EXERCISE DETAILS: Answer with one figure only, the number of lines below in which "split" occurs.

DATASET ENTRIES:
Lemma is_derive_near (f : R -> R) (x l : R) (eps : posreal) :
  is_derive f x l -> locally x (fun y => Rabs (f y - f x - (y - x) * l) <= eps * Rabs (y - x)).
Proof. intros [_ Hf]. exact (Hf x (fun P HP => HP) eps). Qed.

Definition glue (u v : R -> R) (x : R) : R := if Rle_dec x 0 then u x else v x.

Lemma glue_l u v x : x <= 0 -> glue u v x = u x.
Proof. intros H. unfold glue. destruct (Rle_dec x 0); [reflexivity | lra]. Qed.

Lemma glue_r u v x : 0 < x -> glue u v x = v x.
Proof. intros H. unfold glue. destruct (Rle_dec x 0); [lra | reflexivity]. Qed.

Lemma glue_locally_l u v x : x < 0 -> locally x (fun t => u t = glue u v t).
Proof.
  intros Hx. apply (filter_imp (fun t => t < 0)); [intros t Ht; symmetry; apply glue_l; lra |].
  exact (open_lt 0 x Hx).
Qed.

Lemma glue_locally_r u v x : 0 < x -> locally x (fun t => v t = glue u v t).
Proof.
  intros Hx. apply (filter_imp (fun t => 0 < t)); [intros t Ht; symmetry; apply glue_r; lra |].
  exact (open_gt 0 x Hx).
Qed.

Lemma glue_continuous u v x :
  continuous u x -> continuous v x -> u 0 = v 0 -> continuous (glue u v) x.
Proof.
  intros Hu Hv H0. destruct (Rtotal_order x 0) as [Hx | [-> | Hx]].
  - exact (continuous_ext_loc _ _ x (glue_locally_l u v x Hx) Hu).
  - apply filterlim_locally. intros eps.
    generalize (filter_and _ _ (continuous_near u 0 eps Hu) (continuous_near v 0 eps Hv)).
    apply filter_imp. intros t [Ht1 Ht2]. change (Rabs (glue u v t - glue u v 0) < eps).
    rewrite (glue_l u v 0) by lra. unfold glue. destruct (Rle_dec t 0); [| rewrite H0]; assumption.
  - exact (continuous_ext_loc _ _ x (glue_locally_r u v x Hx) Hv).
Qed.

Lemma glue_is_derive u v u' v' x :
  is_derive u x (u' x) -> is_derive v x (v' x) -> u 0 = v 0 -> u' 0 = v' 0 ->
  is_derive (glue u v) x (glue u' v' x).
Proof.
  intros Hu Hv H0 H0'. destruct (Rtotal_order x 0) as [Hx | [-> | Hx]].
  - rewrite glue_l by lra. exact (is_derive_ext_loc _ _ x _ (glue_locally_l u v x Hx) Hu).
  - split; [apply is_linear_scal_l |]. intros y Hy eps.
    apply (@is_filter_lim_locally_unique _ R_NormedModule) in Hy. subst y.
    change (locally 0 (fun t => Rabs (glue u v t - glue u v 0 - (t - 0) * glue u' v' 0)
                                <= eps * Rabs (t - 0))).
    rewrite !glue_l by lra.
    generalize (filter_and _ _ (is_derive_near u 0 _ eps Hu) (is_derive_near v 0 _ eps Hv)).
    apply filter_imp. intros t [Ht1 Ht2].
    unfold glue. destruct (Rle_dec t 0); [| rewrite H0, H0']; assumption.
  - rewrite glue_r by lra. exact (is_derive_ext_loc _ _ x _ (glue_locally_r u v x Hx) Hv).
Qed.

Lemma glue_Ck k u v : Ck k u -> Ck k v ->
  (forall i, le_k i k -> Derive_n u i 0 = Derive_n v i 0) -> Ck k (glue u v).
Proof.
  intros Hu Hv H0.
  assert (Hder : forall i, le_k (S i) k -> forall x,
    is_derive (glue (Derive_n u i) (Derive_n v i)) x
      (glue (Derive_n u (S i)) (Derive_n v (S i)) x)).
  { intros i Hi x. apply glue_is_derive.
    - exact (Derive_correct _ _ (proj1 (Hu (S i) Hi) x)).
    - exact (Derive_correct _ _ (proj1 (Hv (S i) Hi) x)).
    - exact (H0 i (le_k_S i k Hi)).
    - exact (H0 (S i) Hi). }
  assert (HD : forall i, le_k i k -> forall x,
    Derive_n (glue u v) i x = glue (Derive_n u i) (Derive_n v i) x).
  { induction i as [|i IH]; intros Hi x; [reflexivity |].
    simpl. rewrite (Derive_ext _ _ x (IH (le_k_S i k Hi))).
    exact (is_derive_unique _ _ _ (Hder i Hi x)). }
  intros i Hi. split; intros x.
  - destruct i as [|i]; [exact I |].
    apply (ex_derive_ext (glue (Derive_n u i) (Derive_n v i))).
    + intros t. symmetry. exact (HD i (le_k_S i k Hi) t).
    + eexists. exact (Hder i Hi x).
  - apply (continuous_ext (glue (Derive_n u i) (Derive_n v i))).
    + intros t. symmetry. exact (HD i Hi t).
    + apply glue_continuous; [apply Hu | apply Hv | apply H0]; exact Hi.
Qed.

Lemma continuous_agree_at_left (P Q : R -> R) x :
  continuous P x -> continuous Q x -> at_left x (fun t => P t = Q t) -> P x = Q x.
Proof.
  intros HP HQ H. apply (filterlim_locally_unique (F := at_left x) Q).
  - apply (filterlim_ext_loc P Q H).
    exact (filterlim_filter_le_1 _ (filter_le_within (F := locally x) _) HP).
  - exact (filterlim_filter_le_1 _ (filter_le_within (F := locally x) _) HQ).
Qed.

Lemma continuous_agree_at_right (P Q : R -> R) x :
  continuous P x -> continuous Q x -> at_right x (fun t => P t = Q t) -> P x = Q x.
Proof.
  intros HP HQ H. apply (filterlim_locally_unique (F := at_right x) Q).
  - apply (filterlim_ext_loc P Q H).
    exact (filterlim_filter_le_1 _ (filter_le_within (F := locally x) _) HP).
  - exact (filterlim_filter_le_1 _ (filter_le_within (F := locally x) _) HQ).
Qed.

Lemma Derive_n_0_agree_left k f u i : Ck k f -> Ck k u -> le_k i k ->
  (forall t, t < 0 -> f t = u t) -> Derive_n f i 0 = Derive_n u i 0.
Proof.
  intros Hf Hu Hi Hfu. apply continuous_agree_at_left; [apply Hf, Hi | apply Hu, Hi |].
  apply (filter_forall (F := locally 0)). intros t Ht. apply Derive_n_ext_loc.
  apply (filter_imp (fun s => s < 0)); [exact Hfu | exact (open_lt 0 t Ht)].
Qed.

Lemma Derive_n_0_agree_right k f v i : Ck k f -> Ck k v -> le_k i k ->
  (forall t, 0 < t -> f t = v t) -> Derive_n f i 0 = Derive_n v i 0.
Proof.
  intros Hf Hv Hi Hfv. apply continuous_agree_at_right; [apply Hf, Hi | apply Hv, Hi |].
  apply (filter_forall (F := locally 0)). intros t Ht. apply Derive_n_ext_loc.
  apply (filter_imp (fun s => 0 < s)); [exact Hfv | exact (open_gt 0 t Ht)].
Qed.

Definition rescale (c d : R) (f : R -> R) (x : R) : R := c * f (d * x).

Lemma Derive_n_rescale k f c d i x : Ck k f -> le_k i k ->
  Derive_n (rescale c d f) i x = c * d ^ i * Derive_n f i (d * x).
Proof.
  intros Hf Hi. unfold rescale.
  rewrite Derive_n_scal_l, Derive_n_comp_scal, Rmult_assoc; [reflexivity |].
  apply filter_forall. intros t m Hm. apply Hf. exact (le_k_trans m i k Hm Hi).
Qed.

Lemma Ck_rescale k f c d : Ck k f -> Ck k (rescale c d f).
Proof.
  intros Hf i Hi. split; intros x.
  - apply ex_derive_n_scal_l, ex_derive_n_comp_scal.
    apply filter_forall. intros t m Hm. apply Hf. exact (le_k_trans m i k Hm Hi).
  - apply (continuous_ext (fun y => c * d ^ i * Derive_n f i (d * y))).
    + intros y. symmetry. exact (Derive_n_rescale k f c d i y Hf Hi).
    + apply (continuous_mult (fun _ => c * d ^ i) (fun y => Derive_n f i (d * y)));
        [apply continuous_const |].
      apply (continuous_comp (fun y => d * y)); [| apply Hf, Hi].
      apply (continuous_mult (fun _ => d) (fun y => y));
        [apply continuous_const | apply continuous_id].
Qed.

Lemma w_l c x : x <= 0 -> w c x = x.
Proof. intros H. unfold w. destruct (Rle_dec x 0); [reflexivity | lra]. Qed.

Lemma w_r c x : 0 < x -> w c x = c * x.
Proof. intros H. unfold w. destruct (Rle_dec x 0); [lra | reflexivity]. Qed.

Lemma w_increasing c : 0 < c -> orientation_preserving (w c).
Proof.
  intros Hc x y Hxy. destruct (Rle_lt_dec x 0), (Rle_lt_dec y 0).
  - rewrite !w_l; lra.
  - rewrite w_l, w_r by lra. nra.
  - lra.
  - rewrite !w_r by lra. nra.
Qed.

Lemma w_inv c x : 0 < c -> w (/ c) (w c x) = x.
Proof.
  intros Hc. destruct (Rle_lt_dec x 0).
  - rewrite (w_l c x), w_l by assumption. reflexivity.
  - rewrite (w_r c x), w_r by nra. field. lra.
Qed.

Lemma w_conj_preserving f c d x : f 0 = 0 -> orientation_preserving f -> 0 < d ->
  w c (f (w d x)) = glue (rescale 1 1 f) (rescale c d f) x.
Proof.
  intros f0 Hf Hd. unfold rescale. destruct (Rle_lt_dec x 0) as [Hx | Hx].
  - assert (f x <= 0).
    { destruct (Rle_lt_or_eq_dec x 0 Hx) as [Hx' | ->]; [specialize (Hf x 0 Hx') |]; lra. }
    rewrite glue_l, (w_l d x), w_l, !Rmult_1_l by assumption. reflexivity.
  - assert (0 < f (d * x)) by (rewrite <- f0; apply Hf; nra).
    rewrite glue_r, (w_r d x), w_r by assumption. reflexivity.
Qed.

Lemma w_conj_reversing f c d x : f 0 = 0 -> orientation_reversing f -> 0 < d ->
  w c (f (w d x)) = glue (rescale c 1 f) (rescale 1 d f) x.
Proof.
  intros f0 Hf Hd. unfold rescale. destruct (Rle_lt_dec x 0) as [Hx | Hx].
  - rewrite glue_l, (w_l d x), Rmult_1_l by assumption.
    destruct (Rle_lt_or_eq_dec x 0 Hx) as [Hx' | ->].
    + apply w_r. rewrite <- f0. exact (Hf x 0 Hx').
    + rewrite f0, w_l by lra. ring.
  - assert (f (d * x) < 0) by (rewrite <- f0; apply Hf; nra).
    rewrite glue_r, (w_r d x), w_l, Rmult_1_l by lra. reflexivity.
Qed.

Lemma Derive_inverse f g x : ex_derive f x -> ex_derive g (f x) ->
  (forall x, g (f x) = x) -> Derive g (f x) * Derive f x = 1.
Proof.
  intros Hf Hg Hgf.
  assert (Hid : is_derive (fun t => t) x (Derive f x * Derive g (f x))).
  { apply (is_derive_ext (fun t => g (f t))); [exact Hgf |].
    exact (is_derive_comp g f x _ _ (Derive_correct _ _ Hg) (Derive_correct _ _ Hf)). }
  rewrite Rmult_comm, <- (is_derive_unique _ _ _ Hid). apply Derive_id.
Qed.

Lemma monotone_of_Derive_neq_0 f : (forall x, ex_derive f x) ->
  (forall x, continuous (Derive f) x) -> (forall x, Derive f x <> 0) ->
  orientation_preserving f \/ orientation_reversing f.
Proof.
  intros Hf Hc Hne.
  assert (Hsign : forall x, 0 < Derive f x * Derive f 0).
  { intros x. destruct (Rlt_le_dec 0 (Derive f x * Derive f 0)) as [Hpos | Hneg]; [exact Hpos |].
    destruct (IVT_gen_consistent (Derive f) x 0 0 Hc) as [z [_ Hz]]; [| now destruct (Hne z)].
    unfold Rmin, Rmax. destruct (Rle_dec (Derive f x) (Derive f 0)); split; nra. }
  destruct (Rlt_le_dec 0 (Derive f 0)) as [Hpos | Hneg]; [left | right]; intros x y Hxy.
  - apply (incr_function f m_infty p_infty (Derive f)); simpl; auto.
    + intros t _ _. exact (Derive_correct _ _ (Hf t)).
    + intros t _ _. specialize (Hsign t). nra.
  - assert (Derive f 0 < 0) by (specialize (Hne 0); lra).
    enough (- f x < - f y) by lra.
    apply (incr_function (fun t => - f t) m_infty p_infty (fun t => - Derive f t)); simpl; auto.
    + intros t _ _. exact (is_derive_opp _ _ _ (Derive_correct _ _ (Hf t))).
    + intros t _ _. specialize (Hsign t). nra.
Qed.

Lemma Dk_Derive_neq_0 k f x : valid_smoothness k -> Dk k f -> Derive f x <> 0.
Proof.
  intros Hk [[Hf [g [Hgf [_ Hg]]]] _] E.
  assert (H := Derive_inverse f g x (Ck_ex_derive k f x Hk Hf) (Ck_ex_derive k g (f x) Hk Hg) Hgf).
  rewrite E in H. lra.
Qed.

Lemma Dk_monotone k f : valid_smoothness k -> Dk k f ->
  orientation_preserving f \/ orientation_reversing f.
Proof.
  intros Hk Hf. pose proof (proj1 (proj1 Hf)) as Cf.
  apply monotone_of_Derive_neq_0.
  - intros x. exact (Ck_ex_derive k f x Hk Cf).
  - intros x. exact (proj2 (Cf 1%nat (le_k_1 k Hk)) x).
  - intros x. exact (Dk_Derive_neq_0 k f x Hk Hf).
Qed.

Definition flat (k : smoothness) (h : R -> R) : Prop :=
  forall i, (2 <= i)%nat -> le_k i k -> Derive_n h i 0 = 0.

Definition flat_upto (n : nat) (f : R -> R) : Prop :=
  forall m, (2 <= m <= n)%nat -> Derive_n f m 0 = 0.

Definition tangent_contact (n : nat) (f : R -> R) : Prop :=
  forall eps : posreal, locally 0 (fun x => Rabs (f x - f 0 - Derive f 0 * x) <= eps * Rabs x ^ n).

Lemma Taylor_Lagrange_flat_pos n f x : 0 < x ->
  (forall m t, (m <= S (S n))%nat -> ex_derive_n f m t) -> flat_upto (S n) f ->
  exists z, 0 < z < x /\
    f x - f 0 - Derive f 0 * x = x ^ S (S n) / INR (fact (S (S n))) * Derive_n f (S (S n)) z.
Proof.
  intros Hx Hf Hflat.
  destruct (Taylor_Lagrange f (S n) 0 x Hx) as [z [Hz E]]; [intros t _ m Hm; apply Hf, Hm |].
  exists z. split; [exact Hz |].
  assert (Hsum : forall j, (j <= n)%nat ->
    sum_f_R0 (fun m => (x - 0) ^ m / INR (fact m) * Derive_n f m 0) (S j) = f 0 + x * Derive f 0).
  { induction j as [|j IH]; intros Hj.
    - simpl. unfold Rdiv. rewrite Rinv_1. change (Derive (fun t => f t) 0) with (Derive f 0). ring.
    - rewrite tech5, IH, Hflat by lia. ring. }
  rewrite E, Hsum, Rminus_0_r by lia. ring.
Qed.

TASK ANSWER: 5